Lemma balanced_hole_of_alternating_quad a b c d :
  a \in red -> b \in blue -> c \in red -> d \in blue -> convex_quad a b c d ->
  balanced_convex_4hole red blue.
Proof.
have [n] := ubnP (count (in_quad_interior a b c d) (red ++ blue)).
elim: n => // n IH in a b c d *; rewrite ltnS => le_n aR bB cR dB abcd.
have [/hasP[p pS pin]|/hasPn empty] := boolP (has (in_quad_interior a b c d) (red ++ blue));
  last exact: balanced_hole_of_empty_quad abcd empty.
have shrink a' b' c' d' : a' \in red -> b' \in blue -> c' \in red -> d' \in blue ->
    quad_within a' b' c' d' a b c d -> p \in [:: a'; b'; c'; d'] ->
    balanced_convex_4hole red blue.
  move=> a'R b'B c'R d'B [a'b'c'd' sub] p_vertex; apply: (IH a' b' c' d') => //.
  exact: leq_trans (count_lt_subpred sub pS pin (in_quad_interior_vertex p_vertex)) le_n.
have ccw_neq u v w : ccw u v w -> u != w.
  by apply: contraTneq => ->; rewrite /ccw (_ : orient w v w = 0) ?ltxx // /orient; ring.
have /and4P[/ccw_neq ac /ccw_neq bd _ _] := abcd.
have [pR|pB] : p \in red \/ p \in blue by apply/orP; rewrite -mem_cat.
  have /memPnC pb := red_blue_disjoint pR.
  have bpd : orient b p d != 0.
    by apply: gp; rewrite ?mem_cat ?bB ?pR ?dB ?orbT // ?pb // eq_sym pb.
  case: (quad_within_split abcd pin bpd) => sub.
    by apply: (shrink p b c d); rewrite ?mem_head.
  by apply: (shrink a b p d); rewrite // !inE eqxx !orbT.
have pa : p != a by apply: contraTneq pB => ->; apply: red_blue_disjoint.
have pc : p != c by apply: contraTneq pB => ->; apply: red_blue_disjoint.
have cpa : orient c p a != 0.
  by apply: gp; rewrite ?mem_cat ?aR ?pB ?cR ?orbT // eq_sym.
rewrite convex_quad_rot in abcd; rewrite in_quad_interior_rot in pin.
case: (quad_within_split abcd pin cpa) => /quad_within_rot/quad_within_rot/quad_within_rot sub.
  by apply: (shrink a p c d); rewrite // !inE eqxx !orbT.
by apply: (shrink a b c p); rewrite // !inE eqxx !orbT.
Qed.

End Colouring.
End Plane.

Theorem lemma5 (R : realFieldType) (red blue : seq (R * R)) :
  uniq red -> uniq blue ->
  (forall p, p \in red -> p \notin blue) ->
  general_position (red ++ blue) ->
  (exists x : R * R, on_hull_boundary red x /\ on_hull_boundary blue x) ->
  balanced_convex_4hole red blue.
Proof.
move=> uR uB disj gp [x [xR xB]].
have redS : {subset red <= red ++ blue} by move=> u; rewrite mem_cat => ->.
have blueS : {subset blue <= red ++ blue} by move=> u; rewrite mem_cat orbC => ->.
have [x_red|[r [r' [s [rR r'R rr' s01 xE]]]]] :=
  hull_boundary_cases uR (sub_general_position redS gp) xR.
  case: (hull_boundary_cases uB (sub_general_position blueS gp) xB) => [x_blue|].
    by have := disj _ x_red; rewrite x_blue.
  by move=> /(vertex_notin_open_segment gp blueS (redS _ x_red) (disj _ x_red)).
have [x_blue|[b [b' [t [bB b'B bb' t01 xE']]]]] :=
  hull_boundary_cases uB (sub_general_position blueS gp) xB.
  have x_nred : x \notin red by apply: contraTN x_blue => /disj.
  by case: (vertex_notin_open_segment gp redS (blueS _ x_blue) x_nred); exists r, r', s.
have rb u : u \in red -> u != b by move=> u_red; apply: contraTneq bB => <-; exact: disj.
have rr'b : orient r r' b != 0 by apply: gp; rewrite ?mem_cat ?rR ?r'R ?bB ?orbT ?rb.
have [] := crossing_segments_convex_quad s01 t01 (etrans (esym xE) xE') rr'b => abcd.
  exact: (balanced_hole_of_alternating_quad disj gp rR bB r'R b'B abcd).
exact: (balanced_hole_of_alternating_quad disj gp rR b'B r'R bB abcd).
Qed.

# # # #

WHAT TO PRODUCE: Return all lines from the entries that contain the string "orient".

ANSWER FOR THIS EXERCISE:
  by apply: contraTneq => ->; rewrite /ccw (_ : orient w v w = 0) ?ltxx // /orient; ring.
  have bpd : orient b p d != 0.
have cpa : orient c p a != 0.
have rr'b : orient r r' b != 0 by apply: gp; rewrite ?mem_cat ?rR ?r'R ?bB ?orbT ?rb.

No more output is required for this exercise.